[Stored items]
● ● ● ● ● ● ●
(* Let $A=A^T\in\mathbb{R}^{n\times n}$, let $s$ be an integer with $1\leq s<d(A)$, and let $v_0\in\mathbb{R}^n$ with $\|v_0\|=1$ and $d(A,v_0)\geq s+1$. Consider the iteration $\widetilde v_{k+1}=P_s(A;v_k)v_k$, $v_{k+1}=\widetilde v_{k+1}/\|\widetilde v_{k+1}\|$, $k=0,1,2,\dots$, and let $\tau:=\lim_{k\to\infty}\|\widetilde v_k\|$ (this limit exists and is positive). Then every limit vector $v_*$ of the subsequence $\{v_{2k}\}$ satisfies $$(Q(A)-\tau^2 I)v_*=0,\qquad\text{where } Q(z):=P_s(z;w_* )\,P_s(z;v_* ),\quad w_*:=\frac{P_s(A;v_* )v_*}{\tau},$$ and in particular $s<d(A,v_* )\leq 2s$.
   Context: $d(A)$ is the degree of the minimal polynomial of $A$; $d(A,v)$ is the grade of $v$ w.r.t. $A$ (degree of the monic polynomial $p$ of smallest degree with $p(A)v=0$); $\mathcal{K}_k(A,v)=\mathrm{span}\{v,Av,\dots,A^{k-1}v\}$; $\mathcal{M}_s$ is the set of real monic polynomials of degree $s$; $\|\cdot\|$ is the Euclidean norm. For $v$ with $d(A,v)\geq s$, $P_s(\cdot\,;v)\in\mathcal{M}_s$ denotes the unique monic polynomial of degree $s$ such that $P_s(A;v)v\perp\mathcal{K}_s(A,v)$. (Under the hypotheses all $\widetilde v_k$ are nonzero, the sequence $\|\widetilde v_k\|$ is nondecreasing and bounded, and every limit vector $v_*$ has $d(A,v_* )\geq s+1$, $\|P_s(A;v_* )v_*\|=\tau$ and $d(A,w_* )\geq s$, so $Q$ is well defined.) *)

From HB Require Import structures.
From mathcomp Require Import all_boot all_order all_algebra.
From mathcomp Require Import all_classical all_reals all_analysis.
Set Implicit Arguments. Unset Strict Implicit. Unset Printing Implicit Defensive.
Import Order.TTheory GRing.Theory Num.Theory.
Local Open Scope ring_scope.

Section Defs.
Variables (R : realType) (n' : nat).
Local Notation n := n'.+1.

Definition dotv (u v : 'cV[R]_n) : R := \sum_i u i 0 * v i 0.
Definition enorm (v : 'cV[R]_n) : R := Num.sqrt (dotv v v).

Definition pAv (A : 'M[R]_n) (p : {poly R}) (v : 'cV[R]_n) : 'cV[R]_n :=
  horner_mx A p *m v.

Definition dmin (A : 'M[R]_n) : nat := (size (mxminpoly A)).-1.

Definition annih_deg (A : 'M[R]_n) (v : 'cV[R]_n) (k : nat) : bool :=
  `[< exists p : {poly R}, [/\ p \is monic, size p = k.+1 & pAv A p v = 0] >].

Lemma annih_deg_ex (A : 'M[R]_n) (v : 'cV[R]_n) : exists k, annih_deg A v k.
Proof.
exists (size (mxminpoly A)).-1; apply/asboolP; exists (mxminpoly A); split.
- exact: mxminpoly_monic.
- by rewrite size_mxminpoly.
- by rewrite /pAv mx_root_minpoly mul0mx.
Qed.

Definition grade (A : 'M[R]_n) (v : 'cV[R]_n) : nat := ex_minn (annih_deg_ex A v).

(* p = P_s(. ; v): monic of degree s with p(A) v orthogonal to K_s(A,v) *)
Definition is_Ps (A : 'M[R]_n) (s : nat) (v : 'cV[R]_n) (p : {poly R}) : Prop :=
  [/\ p \is monic, size p = s.+1 &
      forall j : nat, (j < s)%N -> dotv (A ^+ j *m v) (pAv A p v) = 0].

End Defs.

(* P_s(A;v)v is the component of A^s v orthogonal to K_s(A,v), so ||P_s(A;v)v|| is the least
   value of ||q(A)v|| over monic q of degree s.  For symmetric A one step of the iteration
   cannot decrease this residual norm (move q(A) across the inner product and use
   Cauchy-Schwarz), and it is bounded by the norm of A^s, so ||vt_k|| increases to some
   tau > 0.  Along a subsequence v_(2k) -> vs, minimality gives ||q(A)vs|| >= tau for every
   monic q of degree s, hence d(A,vs) > s; the Krylov vectors of vs are then independent,
   which keeps the coefficients of P_s(.;v_(2k)) bounded, and so P_s(A;v_(2k))v_(2k) tends to
   P_s(A;vs)vs, a vector of norm tau.  Hence v_(2k+1) -> ws, and likewise
   ||P_s(A;ws)ws|| = tau.  Then y = Q(A)vs satisfies <y,vs> = tau^2 = ||y|| with ||vs|| = 1,
   which forces y = tau^2 vs, and Q - tau^2 is a monic annihilator of vs of degree 2s. *)

From HB Require Import structures.
From mathcomp Require Import all_boot all_order all_algebra.
From mathcomp Require Import all_classical all_reals all_analysis.
From mathcomp Require Import ring lra.
Import Order.TTheory GRing.Theory Num.Theory.
Import numFieldNormedType.Exports.
Local Open Scope classical_set_scope.
Local Open Scope ring_scope.
Set Implicit Arguments. Unset Strict Implicit.

Section Euclidean.
Variables (R : realType) (n : nat).
Implicit Types (u v w : 'cV[R]_n.+1) (a : R).

Lemma dotvE u v : dotv u v = (u^T *m v) 0 0.
Proof. by rewrite /dotv mxE; apply: eq_bigr => i _; rewrite mxE. Qed.

Lemma dotvC u v : dotv u v = dotv v u.
Proof. by rewrite /dotv; apply: eq_bigr => i _; rewrite mulrC. Qed.

Lemma dotvDl u w v : dotv (u + w) v = dotv u v + dotv w v.
Proof. by rewrite !dotvE linearD /= mulmxDl mxE. Qed.

Lemma dotvZl a u v : dotv (a *: u) v = a * dotv u v.
Proof. by rewrite !dotvE linearZ /= -scalemxAl mxE. Qed.

Lemma dotvBl u w v : dotv (u - w) v = dotv u v - dotv w v.
Proof. by rewrite dotvDl -scaleN1r dotvZl mulN1r. Qed.

Lemma dotvDr u w v : dotv v (u + w) = dotv v u + dotv v w.
Proof. by rewrite dotvC dotvDl !(dotvC v). Qed.

Lemma dotvZr a u v : dotv v (a *: u) = a * dotv v u.
Proof. by rewrite dotvC dotvZl dotvC. Qed.

Lemma dotvBr u w v : dotv v (u - w) = dotv v u - dotv v w.
Proof. by rewrite dotvC dotvBl !(dotvC v). Qed.

Lemma dotv0r v : dotv v 0 = 0.
Proof. by rewrite /dotv big1 // => i _; rewrite mxE mulr0. Qed.

Lemma dotv_suml I (r : seq I) (P : pred I) (F : I -> 'cV[R]_n.+1) v :
  dotv (\sum_(i <- r | P i) F i) v = \sum_(i <- r | P i) dotv (F i) v.
Proof.
by apply: (big_morph (fun x => dotv x v)) => [x y|]; rewrite ?dotvDl // dotvC dotv0r.
Qed.

Lemma dotvv_ge0 v : 0 <= dotv v v.
Proof. by rewrite sumr_ge0 // => i _; rewrite -expr2 sqr_ge0. Qed.

Lemma dotvv_eq0 v : (dotv v v == 0) = (v == 0).
Proof.
apply/idP/eqP => [|->]; last by rewrite dotv0r.
rewrite psumr_eq0 => [/allP v0|i _]; last by rewrite -expr2 sqr_ge0.
apply/matrixP => i j; rewrite (ord1 j) mxE.
by have /= := v0 i (mem_index_enum _); rewrite mulf_eq0 orbb => /eqP.
Qed.

Lemma enorm_ge0 v : 0 <= enorm v.
Proof. exact: sqrtr_ge0. Qed.

Lemma enorm_sqr v : enorm v ^+ 2 = dotv v v.
Proof. by rewrite sqr_sqrtr // dotvv_ge0. Qed.

Lemma enorm_eq0 v : (enorm v == 0) = (v == 0).
Proof. by rewrite -dotvv_eq0 -enorm_sqr sqrf_eq0. Qed.

Lemma enorm0 : enorm (0 : 'cV[R]_n.+1) = 0.
Proof. by apply/eqP; rewrite enorm_eq0. Qed.

Lemma enormZ a v : enorm (a *: v) = `|a| * enorm v.
Proof. by rewrite /enorm dotvZl dotvZr mulrA sqrtrM ?sqr_ge0 // -expr2 sqrtr_sqr. Qed.

Lemma enormN v : enorm (- v) = enorm v.
Proof. by rewrite -scaleN1r enormZ normrN normr1 mul1r. Qed.

Lemma ler_norm_dotv u v : `|dotv u v| <= enorm u * enorm v.
Proof.
rewrite -ler_sqr ?nnegrE ?mulr_ge0 ?enorm_ge0 // exprMn !enorm_sqr real_normK ?num_real //.
have [->|v_neq0] := eqVneq v 0; first by rewrite !dotv0r expr2 !mulr0.
have v_gt0 : 0 < dotv v v by rewrite lt_def dotvv_eq0 v_neq0 dotvv_ge0.
set c := dotv u v / dotv v v.
have := dotvv_ge0 (u - c *: v).
rewrite dotvBl !dotvBr !dotvZl !dotvZr (dotvC v u) -subr_ge0 => h.
suff -> : dotv u u * dotv v v - dotv u v ^+ 2 =
    dotv v v * (dotv u u - c * dotv u v - (c * dotv u v - c * (c * dotv v v))).
  by rewrite mulr_ge0 // ltW.
by rewrite /c; field; rewrite gt_eqF.
Qed.

Lemma ler_enormD u v : enorm (u + v) <= enorm u + enorm v.
Proof.
rewrite -ler_sqr ?nnegrE ?addr_ge0 ?enorm_ge0 // enorm_sqr dotvDl !dotvDr.
rewrite sqrrD !enorm_sqr (dotvC v u).
have := ler_norm_dotv u v; rewrite ler_norml => /andP[_]; lra.
Qed.

Lemma ler_enormB u v : enorm (u - v) <= enorm u + enorm v.
Proof. by rewrite -(enormN v) ler_enormD. Qed.

Lemma ler_enorm_sub u v : enorm u <= enorm v + enorm (u - v).
Proof. by rewrite -{1}(subrKC v u) ler_enormD. Qed.

Lemma ler_dist_enorm u v : `|enorm u - enorm v| <= enorm (u - v).
Proof.
have := ler_enorm_sub u v; have := ler_enorm_sub v u.
rewrite -(enormN (v - u)) opprB ler_norml; lra.
Qed.

Lemma ler_enorm_sum (I : finType) (F : I -> 'cV[R]_n.+1) :
  enorm (\sum_i F i) <= \sum_i enorm (F i).
Proof.
elim/big_rec2: _ => [|i y x _ h]; first by rewrite enorm0.
by apply: le_trans (ler_enormD _ _) _; rewrite lerD2l.
Qed.

Lemma ler_coord_enorm u i : `|u i 0| <= enorm u.
Proof.
rewrite -sqrtr_sqr ler_sqrt ?dotvv_ge0 // /dotv (bigD1 i) //= -expr2 lerDl.
by rewrite sumr_ge0 // => j _; rewrite -expr2 sqr_ge0.
Qed.

Lemma ler_enorm_l1 u : enorm u <= \sum_i `|u i 0|.
Proof.
rewrite -ler_sqr ?nnegrE ?enorm_ge0 ?sumr_ge0 // enorm_sqr expr2 big_distrl /=.
apply: ler_sum => i _; apply: le_trans (ler_norm _) _; rewrite normrM ler_wpM2l //.
by rewrite (bigD1 i) //= lerDl sumr_ge0.
Qed.

End Euclidean.

Definition mx_l1 (R : realType) m n (M : 'M[R]_(m, n)) : R := \sum_i \sum_j `|M i j|.

Definition coef_l1 (R : realType) (r : {poly R}) s : R := \sum_(i < s) `|r`_i|.

Definition krylov_l1 (R : realType) n (A : 'M[R]_n.+1) s : R := \sum_(i < s) mx_l1 (A ^+ i).

Section KrylovAlgebra.
Variables (R : realType) (n : nat) (A : 'M[R]_n.+1).
Implicit Types (u v x : 'cV[R]_n.+1) (p q r : {poly R}).

Lemma mx_l1_ge0 m k (M : 'M[R]_(m, k)) : 0 <= mx_l1 M.
Proof. by rewrite sumr_ge0 // => i _; rewrite sumr_ge0. Qed.

Lemma ler_enorm_mulmx (M : 'M[R]_n.+1) x : enorm (M *m x) <= mx_l1 M * enorm x.
Proof.
apply: le_trans (ler_enorm_l1 _) _; rewrite big_distrl /=; apply: ler_sum => i _.
rewrite mxE big_distrl /=; apply: le_trans (ler_norm_sum _ _ _) _; apply: ler_sum => j _.
by rewrite normrM ler_wpM2l ?normr_ge0 // ler_coord_enorm.
Qed.

Lemma pAvDl p q v : pAv A (p + q) v = pAv A p v + pAv A q v.
Proof. by rewrite /pAv rmorphD mulmxDl. Qed.

Lemma pAvBl p q v : pAv A (p - q) v = pAv A p v - pAv A q v.
Proof. by rewrite /pAv rmorphB mulmxBl. Qed.

Lemma pAvZl c p v : pAv A (c *: p) v = c *: pAv A p v.
Proof. by rewrite /pAv linearZ /= -scalemxAl. Qed.

Lemma pAvMl p q v : pAv A (p * q) v = pAv A p (pAv A q v).
Proof. by rewrite /pAv rmorphM mulmxA. Qed.

Lemma pAvC c v : pAv A c%:P v = c *: v.
Proof. by rewrite /pAv horner_mx_C mul_scalar_mx. Qed.

Lemma pAvXn k v : pAv A 'X^k v = A ^+ k *m v.
Proof. by rewrite /pAv rmorphXn /= horner_mx_X. Qed.

Lemma pAvBr p u v : pAv A p (u - v) = pAv A p u - pAv A p v.
Proof. by rewrite /pAv mulmxBr. Qed.

Lemma pAvZr p c v : pAv A p (c *: v) = c *: pAv A p v.
Proof. by rewrite /pAv scalemxAr. Qed.

Lemma pAv_sum p d v : (size p <= d)%N -> pAv A p v = \sum_(i < d) p`_i *: (A ^+ i *m v).
Proof.
move=> sp; have {1}-> : p = \poly_(i < d) p`_i.
  apply/polyP => i; rewrite coef_poly; case: ltnP => // di.
  by apply/leq_sizeP: di; apply: leq_trans sp _.
rewrite poly_def /pAv linear_sum mulmx_suml; apply: eq_bigr => i _.
by rewrite linearZ /= rmorphXn /= horner_mx_X scalemxAl.
Qed.

Lemma ler_enorm_pAv p v : enorm (pAv A p v) <= mx_l1 (horner_mx A p) * enorm v.
Proof. exact: ler_enorm_mulmx. Qed.

Lemma krylov_l1_ge0 s : 0 <= krylov_l1 A s.
Proof. by rewrite sumr_ge0 // => i _; apply: mx_l1_ge0. Qed.

Lemma ler_enorm_pAv_coef p s v : (size p <= s)%N ->
  enorm (pAv A p v) <= coef_l1 p s * krylov_l1 A s * enorm v.
Proof.
move=> sp; rewrite (pAv_sum _ sp); apply: le_trans (ler_enorm_sum _) _.
rewrite /coef_l1 !big_distrl /=; apply: ler_sum => i _; rewrite enormZ -mulrA ler_wpM2l //.
apply: le_trans (ler_enorm_mulmx _ _) _; rewrite ler_wpM2r ?enorm_ge0 //.
by rewrite /krylov_l1 (bigD1 i) //= lerDl sumr_ge0 // => j _; apply: mx_l1_ge0.
Qed.

Lemma horner_mx_tr p : A^T = A -> (horner_mx A p)^T = horner_mx A p.
Proof.
move=> symA; elim/poly_ind: p => [|p c IHp]; first by rewrite rmorph0 trmx0.
rewrite rmorphD rmorphM /= horner_mx_X horner_mx_C linearD /= tr_scalar_mx.
by rewrite trmx_mul IHp symA (comm_mx_horner p (erefl : comm_mx A A)).
Qed.

Lemma dotv_pAv p u v : A^T = A -> dotv (pAv A p u) v = dotv u (pAv A p v).
Proof. by move=> symA; rewrite !dotvE /pAv trmx_mul horner_mx_tr // mulmxA. Qed.

End KrylovAlgebra.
● ● ● ● ● ● ●
> _Work item_:
Please state the number of lines above that hold the string "linearZ", with nothing else added.

> _Solution for this task_:
3